Wednesday, December 23, 2015

Elliott Smith - From A Basement On A Hill

Elliott Smith's final album was released posthumously in 2004.  He was working on this right before his death and it couldn't be more different from his early work in the mid to late nineties.  It's a sprawling, 15 track affair, opening with Coast to Coast, which lays down a marker that things here are... different.  It opens with slightly off electric guitars, almost playing on top of each other.  On this track Smith sounds woozy, yet the music is largely energised, belying the sadness of the lyrics - "anything that I could do would never be good enough for you".  As the track's final seconds ebb away, we here dislocated babble, which adds to the overall weirdness of the track.

For those who prefer Smith at his simplest, fear not.  Let's Get Lost is a classic simple guitar ditty with dreams of escaping ("find some beautiful place to get lost"), yet self-loathing permeates this track ("I had true love, I made it die, I pushed her away").  Later, The Last Hour and Memory Lane have a similar stripped-down feel.  But the order of the day here is weariness, and tracks like Pretty (Ugly Before), Don't Go Down and Strung Out Again have this in spades, in a sort of late 60s Beatles kind of way.
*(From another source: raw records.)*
Inductive pi_rule : rule (atom F A) -> Prop :=
| PiInitially l : l \in Gamma -> pi_rule (mkR (Some (Holds A l 0)) [::] [::])
| PiExecutable t a P : t <= n -> List.In (a, P) (exec_conds D) ->
    pi_rule (mkR (Some (Possible F a t)) [seq Holds A p t | p <- P] [::])
| PiDynamic t c : t < n -> List.In c (dynamic_laws D) ->
    pi_rule (mkR (Some (Holds A c.1.2 t.+1))
      (Occ F c.1.1 t :: Possible F c.1.1 t :: [seq Holds A p t | p <- c.2]) [::])
| PiStatic t c : t <= n -> List.In c (static_laws D) ->
    pi_rule (mkR (Some (Holds A c.2 t)) [seq Holds A p t | p <- c.1] [::])
| PiOcc t a : t <= n ->
    pi_rule (mkR (Some (Occ F a t)) [:: Possible F a t] [:: Nocc F a t])
| PiNocc t a b : t <= n -> a != b ->
    pi_rule (mkR (Some (Nocc F a t)) [:: Occ F b t] [::])
| PiInertia t l : t < n ->
    pi_rule (mkR (Some (Holds A l t.+1)) [:: Holds A l t] [:: Holds A (compl l) t.+1])
| PiConsistency t f : t <= n ->
    pi_rule (mkR None [:: Holds A (f, true) t; Holds A (f, false) t] [::]).

Lemma In_lits l : List.In l (lits F).
Proof.
case: l => f b; rewrite /lits; apply/In_allpairs; exists f, b.
by split; [exact: In_enum | case: b; [left | right; left] |].
Qed.

Lemma pi_rulesP r : List.In r (pi_rules D Gamma n) <-> pi_rule r.
Proof.
split.
  case/In_cat=> [/In_map[l /In_mem Hl ->] | ]; first exact: PiInitially.
  case/In_cat=> [/In_allpairs[t [[a P] [/In_iota0 Ht HP ->]]] | ].
    exact: PiExecutable.
  case/In_cat=> [/In_allpairs[t [c [/In_iota0 Ht Hc ->]]] | ]; first exact: PiDynamic.
  case/In_cat=> [/In_allpairs[t [c [/In_iota0 Ht Hc ->]]] | ]; first exact: PiStatic.
  case/In_cat=> [/In_allpairs[t [a [/In_iota0 Ht _ ->]]] | ]; first exact: PiOcc.
  case/In_cat=> [/In_allpairs[t [[a b] [/In_iota0 Ht /In_mem Hab ->]]] | ].
    by apply: PiNocc; move: Hab; rewrite mem_filter => /andP[].
  case/In_cat=> [/In_allpairs[t [l [/In_iota0 Ht _ ->]]] | ]; first exact: PiInertia.
  by case/In_allpairs=> t [f [/In_iota0 Ht _ ->]]; exact: PiConsistency.
case=> [l Hl | t a P Ht HP | t c Ht Hc | t c Ht Hc | t a Ht | t a b Ht Hab | t l Ht | t f Ht].
- by apply/In_cat; left; apply/In_map; exists l => //; apply/In_mem.
- do 1 (apply/In_cat; right); apply/In_cat; left.
  by apply/In_allpairs; exists t, (a, P); split=> //; apply/In_iota0.
- do 2 (apply/In_cat; right); apply/In_cat; left.
  by apply/In_allpairs; exists t, c; split=> //; apply/In_iota0.
- do 3 (apply/In_cat; right); apply/In_cat; left.
  by apply/In_allpairs; exists t, c; split=> //; apply/In_iota0.
- do 4 (apply/In_cat; right); apply/In_cat; left.
  by apply/In_allpairs; exists t, a; split; [apply/In_iota0 | apply: In_enum |].
- do 5 (apply/In_cat; right); apply/In_cat; left.
  apply/In_allpairs; exists t, (a, b); split=> //; first exact/In_iota0.
  by apply/In_mem; rewrite mem_filter Hab; apply/allpairsP; exists (a, b); rewrite !mem_enum.
- do 6 (apply/In_cat; right); apply/In_cat; left.
  by apply/In_allpairs; exists t, l; split=> //; [apply/In_iota0 | apply: In_lits].
- do 7 (apply/In_cat; right).
  by apply/In_allpairs; exists t, f; split; [apply/In_iota0 | apply: In_enum |].
Qed.

End ProgramRules.

Arguments PiInitially {F A D Gamma n}.
Arguments PiExecutable {F A D Gamma n}.
Arguments PiDynamic {F A D Gamma n}.
Arguments PiStatic {F A D Gamma n}.
Arguments PiOcc {F A D Gamma n}.
Arguments PiNocc {F A D Gamma n}.
Arguments PiInertia {F A D Gamma n}.
Arguments PiConsistency {F A D Gamma n}.

Section Soundness.
Variables (F A : finType) (D : domain F A) (Gamma : seq (lit F)) (n : nat).
Variable X : atom F A -> bool.
Hypothesis HX : answer_set (pi_rules D Gamma n) X.

Lemma in_s_of l t : (l \in s_of X t) = X (Holds A l t).
Proof. by rewrite inE. Qed.

Lemma pi_fires r h : pi_rule D Gamma n r -> Defs.head r = Some h ->
  (forall c, List.In c (neg r) -> ~~ X c) ->
  (forall b, List.In b (pos r) -> X b) -> X h.
Proof. by move/pi_rulesP; exact: answer_set_fires. Qed.

Lemma pi_constraint r : pi_rule D Gamma n r -> Defs.head r = None ->
  (forall c, List.In c (neg r) -> ~~ X c) ->
  ~ (forall b, List.In b (pos r) -> X b).
Proof. by move/pi_rulesP; exact: answer_set_constraint. Qed.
A Fond Farewell is a kind of 'more-filled out' version of the unadorned Elliott Smith sound, and is quite pleasing to the ears.  On the other hand, the Christmas-themed King's Crossing is largely unsettling, with its bursts of static-tiinged instrumentation and Smith's ghoulish proclamation ("give me one good reason not to do it").  Later, Shooting Star is as close as Smith gets here to sprawling, messy rock.  That's just a handful of the fifteen tracks contained here.  It's not the tacky cash-in one might fear, but a worthy line drawn under Elliott Smith's musical career.